BEGIN Entries shown

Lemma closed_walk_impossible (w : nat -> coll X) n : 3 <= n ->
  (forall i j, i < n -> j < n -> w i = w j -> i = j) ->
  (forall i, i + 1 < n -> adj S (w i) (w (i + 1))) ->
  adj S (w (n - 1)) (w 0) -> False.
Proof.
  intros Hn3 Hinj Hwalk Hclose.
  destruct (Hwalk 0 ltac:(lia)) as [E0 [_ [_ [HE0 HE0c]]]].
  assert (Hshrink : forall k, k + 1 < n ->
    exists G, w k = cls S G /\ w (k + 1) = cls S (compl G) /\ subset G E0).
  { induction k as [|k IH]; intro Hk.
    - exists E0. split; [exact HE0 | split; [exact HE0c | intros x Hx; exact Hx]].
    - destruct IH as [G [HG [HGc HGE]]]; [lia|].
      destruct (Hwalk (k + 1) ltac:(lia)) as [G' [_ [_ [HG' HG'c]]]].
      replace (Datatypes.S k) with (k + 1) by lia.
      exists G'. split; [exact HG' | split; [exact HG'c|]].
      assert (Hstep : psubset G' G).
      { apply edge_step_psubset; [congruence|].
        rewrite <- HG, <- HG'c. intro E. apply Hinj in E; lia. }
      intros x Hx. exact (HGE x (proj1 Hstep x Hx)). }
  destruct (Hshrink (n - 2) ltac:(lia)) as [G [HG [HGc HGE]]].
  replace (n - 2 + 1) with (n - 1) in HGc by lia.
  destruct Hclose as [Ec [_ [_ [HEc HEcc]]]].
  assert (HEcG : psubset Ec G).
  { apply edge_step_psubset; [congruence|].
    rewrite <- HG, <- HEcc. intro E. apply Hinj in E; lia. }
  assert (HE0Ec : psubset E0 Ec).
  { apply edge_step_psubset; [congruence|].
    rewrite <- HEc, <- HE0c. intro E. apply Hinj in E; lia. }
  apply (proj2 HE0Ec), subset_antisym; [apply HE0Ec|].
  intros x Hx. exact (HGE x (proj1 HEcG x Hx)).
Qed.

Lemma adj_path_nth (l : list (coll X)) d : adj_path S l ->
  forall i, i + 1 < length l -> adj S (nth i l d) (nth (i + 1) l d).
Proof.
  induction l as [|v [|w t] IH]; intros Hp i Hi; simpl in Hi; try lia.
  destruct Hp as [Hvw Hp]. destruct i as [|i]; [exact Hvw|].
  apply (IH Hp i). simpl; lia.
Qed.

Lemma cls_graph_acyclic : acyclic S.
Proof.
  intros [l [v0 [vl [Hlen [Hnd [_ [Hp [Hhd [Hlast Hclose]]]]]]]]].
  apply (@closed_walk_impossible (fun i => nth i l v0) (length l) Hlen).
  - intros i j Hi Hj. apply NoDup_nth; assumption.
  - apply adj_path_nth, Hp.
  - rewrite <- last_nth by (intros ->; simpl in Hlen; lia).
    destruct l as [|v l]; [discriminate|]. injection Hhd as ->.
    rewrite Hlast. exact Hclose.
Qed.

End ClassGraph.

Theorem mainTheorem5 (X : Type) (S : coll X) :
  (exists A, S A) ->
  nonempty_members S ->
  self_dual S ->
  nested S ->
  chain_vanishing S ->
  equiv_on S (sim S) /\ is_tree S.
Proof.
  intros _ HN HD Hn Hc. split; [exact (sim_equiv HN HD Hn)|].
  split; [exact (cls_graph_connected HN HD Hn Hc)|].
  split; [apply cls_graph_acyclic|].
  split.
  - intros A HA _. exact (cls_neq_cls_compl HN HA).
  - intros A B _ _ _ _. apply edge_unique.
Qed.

END Entries shown
BEGIN Entries shown

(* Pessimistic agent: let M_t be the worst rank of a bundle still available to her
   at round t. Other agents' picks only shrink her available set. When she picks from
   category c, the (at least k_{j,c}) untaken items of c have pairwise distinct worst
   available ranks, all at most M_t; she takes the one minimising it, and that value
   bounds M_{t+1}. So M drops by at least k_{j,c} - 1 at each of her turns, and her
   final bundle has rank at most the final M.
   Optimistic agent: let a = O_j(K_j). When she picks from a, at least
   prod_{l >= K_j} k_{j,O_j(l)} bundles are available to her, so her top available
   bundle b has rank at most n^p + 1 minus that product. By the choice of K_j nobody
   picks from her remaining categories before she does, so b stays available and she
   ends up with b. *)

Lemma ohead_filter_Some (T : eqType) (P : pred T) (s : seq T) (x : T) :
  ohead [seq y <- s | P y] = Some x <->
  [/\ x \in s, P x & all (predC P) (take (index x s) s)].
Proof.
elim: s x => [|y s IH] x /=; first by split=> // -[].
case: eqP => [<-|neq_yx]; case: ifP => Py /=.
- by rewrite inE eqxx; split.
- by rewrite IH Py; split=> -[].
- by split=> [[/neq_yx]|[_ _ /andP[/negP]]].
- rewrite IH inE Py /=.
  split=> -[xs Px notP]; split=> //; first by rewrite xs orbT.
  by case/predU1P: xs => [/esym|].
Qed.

END Entries shown

→ **What the exercise asks**:
Apply a filter for "exact" to the data above, then copy each line that matches.

→ **Answer to the problem**:
    - exists E0. split; [exact HE0 | split; [exact HE0c | intros x Hx; exact Hx]].
      exists G'. split; [exact HG' | split; [exact HG'c|]].
      intros x Hx. exact (HGE x (proj1 Hstep x Hx)). }
  intros x Hx. exact (HGE x (proj1 HEcG x Hx)).
  destruct Hp as [Hvw Hp]. destruct i as [|i]; [exact Hvw|].
    rewrite Hlast. exact Hclose.
  intros _ HN HD Hn Hc. split; [exact (sim_equiv HN HD Hn)|].
  split; [exact (cls_graph_connected HN HD Hn Hc)|].
  - intros A HA _. exact (cls_neq_cls_compl HN HA).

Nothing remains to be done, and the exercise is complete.